Conclusions and Future Work

In this paper we have presented a fast PCTL model-checking approach that builds upon local, on-the-fly model-checking and mean-field approximation, allowing for scalable analysis of selected objects in the context of very large systems.

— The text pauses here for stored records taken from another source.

Section AdditiveLift.
Variables (l : nat) (l_prime : prime l) (V A W : zmodType).
Hypotheses (V_tors : torsion l V) (A_tors : torsion l A).
Let l_gt1 := prime_gt1 l_prime.
Implicit Types (a : V -> 'Z_l) (s : seq V).

Lemma exists_additive_lift (e : {additive A -> W}) (f : {additive V -> W}) :
  (forall v, exists x, e x = f v) -> exists g : {additive V -> A}, forall v, e (g v) = f v.
Proof.
move=> /choice[phi phiP].
have [B [_ freeB spanB]] := exists_basis l_prime V_tors setT.
have /choice[rep repP] : forall v, exists r : (V -> 'Z_l) * seq V,
    [/\ finsupp r.1 r.2, {in r.2, forall x, B x} & v = comb id r.1 r.2].
  by move=> v; have [a [s span_v]] := spanB v I; exists (a, s).
pose g v := comb phi (rep v).1 (rep v).2.
have g_comb a s : finsupp a s -> {in s, forall x, B x} -> g (comb id a s) = comb phi a s.
  move=> supp_a sub_s; have [supp_r sub_r comb_r] := repP (comb id a s).
  exact: free_comb_eq freeB supp_r supp_a sub_r sub_s (esym comb_r).
have gD : {morph g : x y / x + y}.
  move=> x y; have [supp_x sub_x comb_x] := repP x; have [supp_y sub_y comb_y] := repP y.
  have [u [supp_xu supp_yu sub_u comb_u]] := finsupp_common supp_x supp_y.
  have [idx idy] := comb_u _ id; have [phix phiy] := comb_u _ phi.
  have supp_u := finsuppD supp_xu supp_yu.
  have sub_uB : {in u, forall z, B z}.
    by move=> z /sub_u; rewrite mem_cat => /orP[/sub_x|/sub_y].
  by rewrite {1}comb_x {1}comb_y idx idy -combD // g_comb // combD // /g phix phiy.
pose g_additive := GRing.isZmodMorphism.Build _ _ g (add_zmod_morphism gD).
exists (HB.pack_for {additive V -> A} g g_additive) => v /=.
have [_ _ {2}->] := repP v.
by rewrite /g comb_morph comb_morph; apply: eq_bigr => x _; rewrite /= phiP.
Qed.

End AdditiveLift.

Definition inv2 (l : nat) := l.+1./2.

Section HalfScaling.
Variables (l : nat) (l_odd : odd l) (V : zmodType) (V_tors : torsion l V).

Lemma mulrn2K (v : V) : v *+ 2 *+ inv2 l = v.
Proof.
have := odd_double_half l.+1; rewrite /= l_odd add0n -muln2 => inv2_l.
by rewrite -mulrnA mulnC /inv2 inv2_l mulrS V_tors addr0.
Qed.

Lemma mulrnK2 (v : V) : v *+ inv2 l *+ 2 = v.
Proof. by rewrite -mulrnA mulnC mulrnA mulrn2K. Qed.

Lemma mulrn2_eq0 (v : V) : v *+ 2 = 0 -> v = 0.
Proof. by move=> v2; rewrite -(mulrn2K v) v2 mul0rn. Qed.

End HalfScaling.

Section Skew.
Variables (l : nat) (M : mackey).
Implicit Types (x : MT M) (y : MB M).

Definition skew x := (x - mt x) *+ inv2 l.

Lemma skew_zmod_morphism : zmod_morphism skew.
Proof.
move=> x y; rewrite /skew -mulrnBl raddfB /=; congr (_ *+ _).
by rewrite !opprB addrACA [RHS]addrACA [in RHS](addrC (- mt x)).
Qed.

Lemma mt_skew x : mt (skew x) = - skew x.
Proof. by rewrite raddfMn /= raddfB /= mt_invol -mulNrn opprB. Qed.

Lemma skew_mt x : skew (mt x) = - skew x.
Proof. by rewrite /skew mt_invol -mulNrn opprB. Qed.

Lemma skew_pu y : skew (pu y) = 0.
Proof. by rewrite /skew mt_pu subrr mul0rn. Qed.

Lemma pl_skew x : pl (skew x) = 0.
Proof. by rewrite raddfMn /= raddfB /= pl_mt subrr mul0rn. Qed.

Hypotheses (l_odd : odd l) (MT_tors : torsion l (MT M)).

Lemma skew_id x : mt x = - x -> skew x = x.
Proof. by move=> mt_x; rewrite /skew mt_x opprK -mulr2n mulrn2K. Qed.

Lemma skewK x : skew (skew x) = skew x.
Proof. exact/skew_id/mt_skew. Qed.

Lemma pu_pl_skew x : pu (pl x *+ inv2 l) + skew x = x.
Proof.
by rewrite raddfMn /= pu_pl /skew -mulrnDl addrACA subrr addr0 -mulr2n mulrn2K.
Qed.

End Skew.

HB.instance Definition _ (l : nat) (M : mackey) :=
  GRing.isZmodMorphism.Build _ _ (@skew l M) (@skew_zmod_morphism l M).

Lemma morT_skew l (M N : mackey) (e : mor M N) (x : MT M) :
  morT e (skew l x) = skew l (morT e x).
Proof. by rewrite raddfMn /= raddfB /= morT_mt. Qed.

Section ZlModule.
Variables (l : nat) (l_prime : prime l) (l_odd : odd l).
Variables (M : mackey) (M_mod : is_Zl_module l M).
Let l_gt1 := prime_gt1 l_prime.
Let MT_tors : torsion l (MT M) := let: And3 t _ _ := M_mod in t.
Let MB_tors : torsion l (MB M) := let: And3 _ t _ := M_mod in t.
Let pl_pu : forall y : MB M, pl (pu y) = y *+ 2 := let: And3 _ _ e := M_mod in e.

Definition H_mor (y : MB M) : mor (H_mackey l) M.
Proof.
refine (@Mor (H_mackey l) M (fun k => pu y *+ k) (fun k => y *+ k) _ _ _ _ _).
- by move=> a b; rewrite mulrnZpD.
- by move=> a b; rewrite mulrnZpD.
- by move=> k; rewrite raddfMn /= mt_pu.
- by move=> k; rewrite raddfMn.
- move=> k; change (y *+ (k *+ 2)%R = pl (pu y *+ k)).
  by rewrite mulr2n mulrnZpD // raddfMn /= pl_pu -mulrnA mulnC mulrnA mulr2n.
Defined.

Definition S_mor (x : MT M) (x_skew : mt x = - x) : mor (S_mackey l) M.
Proof.
refine (@Mor (S_mackey l) M (fun k => x *+ k) (fun _ => 0) _ _ _ _ _).
- by move=> a b; rewrite mulrnZpD.
- by move=> a b; rewrite addr0.
- move=> k; change (x *+ (- k)%R = mt (x *+ k)).
  by rewrite mulrnZpN // [RHS]raddfMn /= x_skew mulNrn.
- by move=> k; rewrite [RHS]raddf0.
- by move=> k; rewrite raddfMn /= -(skew_id l_odd MT_tors x_skew) pl_skew mul0rn.
Defined.
(* Let $\boldsymbol\Gamma_n$ be a Haar-distributed random matrix on $O(n)$ with $n\ge3$, let $1\le p,q\le n$, let $\mathbf Z_n$ be the $p\times q$ upper-left submatrix of $\boldsymbol\Gamma_n$, and let $\lambda_1,\dots,\lambda_q$ be the eigenvalues of $\mathbf Z_n'\mathbf Z_n$. Then $$\mathbb E\sum_{i=1}^q\lambda_i^3=\frac{pq}{n(n+2)(n+4)}\big[p^2+q^2+3pq+3(p+q)+4\big]+\frac{pq(p-1)(q-1)}{(n-1)n(n+2)(n+4)}\Big[\frac{2(p-2)(q-2)}{n-2}-3(p+q)\Big].$$ *)

From HB Require Import structures.
From mathcomp Require Import all_boot all_order all_algebra.
From mathcomp Require Import all_classical all_reals all_analysis.
Set Implicit Arguments. Unset Strict Implicit. Unset Printing Implicit Defensive.
Import Order.TTheory GRing.Theory Num.Theory.
Local Open Scope classical_set_scope.
Local Open Scope ring_scope.

Definition is_orthogonal (R : realType) (n : nat) (A : 'M[R]_n) : Prop :=
  A *m A^T = 1%:M.

Definition mx_of_tuple (R : realType) (n : nat) (t : (n * n).-tuple R)
  : 'M[R]_n :=
  \matrix_(i < n, j < n) tnth t (mxvec_index i j).

(* Borel sets of n x n real matrices: the Borel sets of R^(n*n) transported
   through the coordinate identification. *)
Definition mxBorel (R : realType) (n : nat) (B : set 'M[R]_n) : Prop :=
  measurable (@mx_of_tuple R n @^-1` B).

(* G : Omega -> 'M_n is a Haar-distributed random matrix on O(n):
   it is measurable, takes values in O(n), and its law is invariant under
   left multiplication by every orthogonal matrix (the Haar probability
   measure on O(n) is the unique such law). *)
Definition haar_orthogonal (d : measure_display) (Omega : measurableType d)
  (R : realType) (P : probability Omega R) (n : nat) (G : Omega -> 'M[R]_n)
  : Prop :=
  [/\ forall B, mxBorel B -> measurable (G @^-1` B),
      forall w, is_orthogonal (G w)
    & forall U : 'M[R]_n, is_orthogonal U ->
        forall B, mxBorel B ->
          P (G @^-1` B) = P ((fun w => U *m G w) @^-1` B)].

Definition ul_submx (R : Type) (n p q : nat) (hp : (p <= n)%N) (hq : (q <= n)%N)
  (A : 'M[R]_n) : 'M[R]_(p, q) :=
  \matrix_(i < p, j < q) A (widen_ord hp i) (widen_ord hq j).

From Pilot Require Import Defs.
From HB Require Import structures.
From mathcomp Require Import all_boot all_order all_algebra.
From mathcomp Require Import all_classical all_reals all_analysis.
From mathcomp Require Import measurable_realfun.
From mathcomp Require Import fingroup perm complex ring lra.

(* Let X be the projection onto the span of the first q columns of the Haar
   matrix.  Then ZZ' is the upper-left p x p block of X, so
   sum_i lambda_i^3 = tr (Z'Z)^3 = tr (ZZ')^3 = sum_{a,b,c < p} x_ab x_bc x_ca.
   The law of X is invariant under conjugation by orthogonal matrices.
   Permutations reduce every moment of X to a few canonical ones, sign changes
   kill those in which some index occurs an odd number of times, and the
   identities X^2 = X and tr X = q, together with invariance under a single
   reflection mixing two coordinates, give enough linear relations to compute
   the canonical moments up to degree three. *)

Set Implicit Arguments. Unset Strict Implicit. Unset Printing Implicit Defensive.
Import Order.TTheory GRing.Theory Num.Theory.
Local Open Scope classical_set_scope.
Local Open Scope ring_scope.

Section TrigPowers.
Variables (K : comNzRingType) (n : nat).
Implicit Types S T : 'M[K]_n.

Lemma is_trig_mxM S T : is_trig_mx S -> is_trig_mx T -> is_trig_mx (S *m T).
Proof.
move=> /is_trig_mxP S_trig /is_trig_mxP T_trig.
apply/is_trig_mxP => i j lt_ij; rewrite mxE big1 // => k _.
have [lt_ik|le_ki] := ltnP i k; first by rewrite S_trig ?mul0r.
by rewrite T_trig ?mulr0 // (leq_ltn_trans le_ki).
Qed.

Lemma trig_mulmx_diag S T i :
  is_trig_mx S -> is_trig_mx T -> (S *m T) i i = S i i * T i i.
Proof.
move=> /is_trig_mxP S_trig /is_trig_mxP T_trig.
rewrite mxE (bigD1 i) //= big1 ?addr0 // => k ne_ki.
have [lt_ik|lt_ki|eq_ik] := ltngtP i k; first by rewrite S_trig ?mul0r.
  by rewrite T_trig ?mulr0.
by rewrite (val_inj eq_ik) eqxx in ne_ki.
Qed.

Lemma is_trig_mxX T k : is_trig_mx T -> is_trig_mx (T ^+ k).
Proof.
move=> T_trig; elim: k => [|k IHk]; first exact: scalar_mx_is_trig.
by rewrite exprS -mulmxE is_trig_mxM.
Qed.

Lemma trig_mxX_diag T k i : is_trig_mx T -> (T ^+ k) i i = T i i ^+ k.
Proof.
move=> T_trig; elim: k => [|k IHk]; first by rewrite mxE eqxx.
by rewrite exprS -mulmxE trig_mulmx_diag ?is_trig_mxX // IHk exprS.
Qed.

End TrigPowers.

Section Conjugation.
Variables (F : fieldType) (n : nat) (V : 'M[F]_n).
Hypothesis V_unit : V \in unitmx.

Lemma conjmxX A k : conjmx V (A ^+ k) = conjmx V A ^+ k.
Proof.
elim: k => [|k IHk]; first by rewrite conjmx_scalar ?row_free_unit.
by rewrite !exprS -!mulmxE conjmxM ?inE ?stablemx_unit // IHk.
Qed.

Lemma char_poly_conjmx A : char_poly (conjmx V A) = char_poly A.
Proof.
rewrite conjumx // /char_poly /char_poly_mx.
have -> : 'X%:M - map_mx polyC (V *m A *m invmx V) =
  map_mx polyC V *m ('X%:M - map_mx polyC A) *m map_mx polyC (invmx V).
  rewrite mulmxBr mulmxBl !map_mxM; congr (_ - _).
  by rewrite scalar_mxC -mulmxA -map_mxM mulmxV // map_mx1 mulmx1.
rewrite !det_mulmx mulrAC -det_mulmx -map_mxM mulmxV //.
by rewrite map_mx1 det1 mul1r.
Qed.

Lemma mxtrace_conjmx A : \tr (conjmx V A) = \tr A.
Proof. by rewrite conjumx // mxtrace_mulC mulmxA mulVmx ?mul1mx. Qed.

End Conjugation.

Lemma mxtrace_exp_roots (C : numClosedFieldType) n (A : 'M[C]_n)
    (mu : 'I_n -> C) k :
  char_poly A = \prod_(i < n) ('X - (mu i)%:P) ->
  \tr (A ^+ k) = \sum_(i < n) mu i ^+ k.
Proof.
move=> charA.
have [|V V_unitary] := @cotrigonalization _ _ [:: A].
  by move=> B1 B2; rewrite !inE => /eqP-> /eqP->.
rewrite /= andbT => T_trig; set T := conjmx V A in T_trig.
have V_unit := unitarymx_unit V_unitary.
have diagT : perm_eq [seq T i i | i <- enum 'I_n] [seq mu i | i <- enum 'I_n].
  apply: prod_XsubC_eq; rewrite !big_map -!enumT !big_enum -charA.
  by rewrite -(char_poly_conjmx V_unit) char_poly_trig.
rewrite -(mxtrace_conjmx V_unit) conjmxX //.
transitivity (\sum_(x <- [seq T i i | i <- enum 'I_n]) x ^+ k).
  by rewrite big_map big_enum; apply: eq_bigr => i _; rewrite trig_mxX_diag.
by rewrite (perm_big _ diagT) big_map big_enum.
Qed.

Lemma mxtrace_exp_real_roots (R : rcfType) n (A : 'M[R]_n)
    (lam : 'I_n -> R) k :
  char_poly A = \prod_(i < n) ('X - (lam i)%:P) ->
  \tr (A ^+ k) = \sum_(i < n) lam i ^+ k.
Proof.
move=> charA; pose f := real_complex R; apply: (fmorph_inj f).
rewrite -trace_map_mx rmorphXn rmorph_sum (mxtrace_exp_roots _ (mu := f \o lam)).
  by apply: eq_bigr => i _; rewrite rmorphXn.
rewrite -map_char_poly charA rmorph_prod; apply: eq_bigr => i _.
by rewrite /= map_polyXsubC.
Qed.

Lemma mxtrace_cube (K : comNzRingType) m (W : 'M[K]_m) :
  \tr (W ^+ 3) = \sum_a \sum_b \sum_c W a b * W b c * W c a.
Proof.
rewrite !exprS expr0 mulr1 -!mulmxE mulmxA /mxtrace; apply: eq_bigr => a _.
rewrite mxE; under eq_bigr do rewrite mxE big_distrl /=.
by rewrite exchange_big; apply: eq_bigr => b _; apply: eq_bigr => c _.
Qed.

Lemma gram_exp (K : comNzRingType) m k (Z : 'M[K]_(m, k)) j :
  (Z^T *m Z) ^+ j.+1 = Z^T *m (Z *m Z^T) ^+ j *m Z.
Proof.
elim: j => [|j IHj]; first by rewrite expr1 expr0 mulmx1.
by rewrite exprS IHj [in RHS]exprS -!mulmxE !mulmxA.
Qed.

Lemma mxtrace_gram_exp (K : comNzRingType) m k (Z : 'M[K]_(m, k)) j :
  \tr ((Z^T *m Z) ^+ j.+1) = \tr ((Z *m Z^T) ^+ j.+1).
Proof. by rewrite gram_exp mxtrace_mulC mulmxA exprS -mulmxE. Qed.

Lemma perm_move2 (T : finType) (x y x' y' : T) : x != y -> x' != y' ->
  exists s : {perm T}, s x = x' /\ s y = y'.
Proof.
move=> xy x'y'; set y1 := tperm x x' y.
have y1x' : y1 != x' by rewrite -[x'](tpermL x x') (inj_eq perm_inj) eq_sym.
exists (tperm x x' * tperm y1 y')%g; rewrite !permM tpermL -/y1 tpermL.
by split=> //; rewrite tpermD // eq_sym.
Qed.

Lemma perm_move3 (T : finType) (x y z x' y' z' : T) :
  [&& x != y, x != z & y != z] -> [&& x' != y', x' != z' & y' != z'] ->
  exists s : {perm T}, [/\ s x = x', s y = y' & s z = z'].
Proof.
case/and3P=> xy xz yz /and3P[x'y' x'z' y'z'].
have [s [sx sy]] := perm_move2 xy x'y'; set z1 := s z.
have z1x' : z1 != x' by rewrite -sx (inj_eq perm_inj) eq_sym.
have z1y' : z1 != y' by rewrite -sy (inj_eq perm_inj) eq_sym.
exists (s * tperm z1 z')%g; rewrite !permM sx sy -/z1 tpermL.
by split=> //; rewrite tpermD // eq_sym.
Qed.

Section SumsOverOrdinals.
Variables (R : comNzRingType) (N : nat).
Implicit Types (f : 'I_N -> R) (a b : 'I_N) (x y z : R).

Lemma sum_delta a (F : 'I_N -> R) : \sum_c (c == a)%:R * F c = F a.
Proof.
rewrite (eq_bigr (fun c => if c == a then F c else 0)) => [|c _].
  by rewrite -big_mkcond big_pred1_eq.
by case: (c == a); rewrite ?mul1r ?mul0r.
Qed.

Lemma sum_const_but1 f a x y :
  f a = x -> (forall c, c != a -> f c = y) ->
  \sum_c f c = x + (N%:R - 1) * y.
Proof.
move=> fa fc; transitivity (\sum_c (y + (c == a)%:R * (x - y))).
  apply: eq_bigr => c _; have [->|ca] := eqVneq c a.
    by rewrite fa mul1r addrC subrK.
  by rewrite fc ?mul0r ?addr0.
by rewrite big_split /= sum_delta sumr_const card_ord -mulr_natl; ring.
Qed.

Lemma sum_const_but2 f a b x y z : a != b ->
  f a = x -> f b = y -> (forall c, c != a -> c != b -> f c = z) ->
  \sum_c f c = x + y + (N%:R - 2) * z.
Proof.
move=> ab fa fb fc.
transitivity (\sum_c (z + (c == a)%:R * (x - z) + (c == b)%:R * (y - z))).
  apply: eq_bigr => c _; have [->|ca] := eqVneq c a.
    by rewrite fa (negPf ab) mul1r mul0r addr0 addrC subrK.
  have [->|cb] := eqVneq c b; last by rewrite fc ?mul0r ?addr0.
  by rewrite fb mul1r mul0r addr0 addrC subrK.
by rewrite !big_split /= !sum_delta sumr_const card_ord -mulr_natl; ring.
Qed.

Lemma mulmx_tr_entry_two_point (A X : 'M[R]_N) i a b x y :
  (forall j, A i j = x * (j == a)%:R + y * (j == b)%:R) ->
  (A *m X *m A^T) i i = x ^+ 2 * X a a + x * y * (X a b + X b a) + y ^+ 2 * X b b.
Proof.
move=> Ai.
have AX k : (A *m X) i k = x * X a k + y * X b k.
  rewrite mxE (eq_bigr (fun j => (j == a)%:R * (x * X j k) +
                                  (j == b)%:R * (y * X j k))) => [|j _].
    by rewrite big_split /= !sum_delta.
  by rewrite Ai; ring.
rewrite mxE (eq_bigr (fun k => (k == a)%:R * (x * (x * X a k + y * X b k)) +
                               (k == b)%:R * (y * (x * X a k + y * X b k)))).
  by rewrite big_split /= !sum_delta; ring.
by move=> k _; rewrite AX mxE Ai; ring.
Qed.

End SumsOverOrdinals.

Section OrthogonalMatrices.
Variables (R : realType) (n : nat).
Implicit Types (A U : 'M[R]_n).

Lemma is_orthogonal_mul U A :
  Defs.is_orthogonal U -> Defs.is_orthogonal A -> Defs.is_orthogonal (U *m A).
Proof.
by move=> U_orth A_orth; rewrite /Defs.is_orthogonal trmx_mul mulmxA -(mulmxA U)
  A_orth mulmx1 U_orth.
Qed.

Lemma orthogonal_entry_le1 A i j : Defs.is_orthogonal A -> `|A i j| <= 1.
Proof.
move=> A_orth; have : A i j ^+ 2 <= 1.
  have <- : (A *m A^T) i i = 1 by rewrite A_orth mxE eqxx.
  rewrite mxE (bigD1 j) //= !mxE expr2 lerDl.
  by apply: sumr_ge0 => k _; rewrite mxE -expr2 sqr_ge0.
by move=> sq_le1; rewrite ler_norml; apply/andP; split; nra.
Qed.

Lemma perm_mx_orthogonal (sigma : 'S_n) :
  Defs.is_orthogonal (perm_mx sigma : 'M[R]_n).
Proof. by rewrite /Defs.is_orthogonal tr_perm_mx -perm_mxM mulgV perm_mx1. Qed.

Definition sign_mx (k : 'I_n) : 'M[R]_n := diag_mx (\row_i (-1) ^+ (i == k)).

Lemma sign_mx_orthogonal k : Defs.is_orthogonal (sign_mx k).
Proof.
rewrite /Defs.is_orthogonal tr_diag_mx mulmx_diag; apply/matrixP => i j.
by rewrite !mxE; case: (i == k); rewrite ?mulrNN mulr1.
Qed.

Lemma householder_orthogonal (w : 'cV[R]_n) k :
  k * (w^T *m w) 0 0 = 2 -> Defs.is_orthogonal (1%:M - k *: (w *m w^T)).
Proof.
move=> kww; set A := w *m w^T.
have At : A^T = A by rewrite trmx_mul trmxK.
have AA : A *m A = (w^T *m w) 0 0 *: A.
  by rewrite /A mulmxA -(mulmxA w) {1}[w^T *m w]mx11_scalar mul_mx_scalar -scalemxAl.
rewrite /Defs.is_orthogonal linearB /= trmx1 [X in _ *m (_ - X)]linearZ /= At.
rewrite mulmxBl mul1mx mulmxBr mulmx1 -scalemxAl -scalemxAr AA !scalerA.
by rewrite -mulrA kww; apply/matrixP => i j; rewrite !mxE; ring.
Qed.

End OrthogonalMatrices.
Arguments sign_mx {R n}.

Section OrthogonalIntegrands.
Variables (R : realType) (n : nat).
Implicit Types (A U : 'M[R]_n) (F : 'M[R]_n -> R).

Definition mx_tuple A : (n * n).-tuple R := [tuple mxvec A 0 k | k < n * n].

Lemma mx_tupleK : cancel mx_tuple (@mx_of_tuple R n).
Proof. by move=> A; apply/matrixP => i j; rewrite mxE tnth_mktuple mxvecE. Qed.

Lemma mx_of_tupleK : cancel (@mx_of_tuple R n) mx_tuple.
Proof.
move=> t; apply: eq_from_tnth => k; rewrite tnth_mktuple.
by case/mxvec_indexP: k => i j; rewrite mxvecE mxE.
Qed.

Lemma mxBorel_preimage_tuple (B : set ((n * n).-tuple R)) :
  measurable B -> mxBorel (mx_tuple @^-1` B).
Proof.
move=> mB; rewrite /mxBorel.
suff -> : @mx_of_tuple R n @^-1` (mx_tuple @^-1` B) = B by [].
by apply/seteqP; split => t /=; rewrite mx_of_tupleK.
Qed.

Lemma measurable_mulmx_tuple U :
  measurable_fun setT (fun t => mx_tuple (U *m @mx_of_tuple R n t)).
Proof.
apply/measurable_fun_tnthP => k; case/mxvec_indexP: k => i j.
rewrite /comp; under eq_fun do rewrite tnth_mktuple mxvecE mxE.
apply: measurable_sum => l; under eq_fun do rewrite mxE.
exact: measurable_funM (measurable_cst _) (measurable_tnth _).
Qed.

The model-checking algorithm is parametric w.r.t. the specific semantic model of interest. We presented related correctness results, an example of application of a prototype implementation and briefly discussed complexity of the algorithm. The results can be trivially extended in order to consider multiple selected objects. Following approaches similar to those presented in [26], we plan to extend our work to heterogeneous systems and systems with memory. We are interested in extensions that address spatial distribution of objects as well as more expressive logics, combining local and global properties, and languages (e.g. [22, 27]) and to study the exact relation between mean field convergence results for continuous interleaving models and discrete, time-synchronous ones.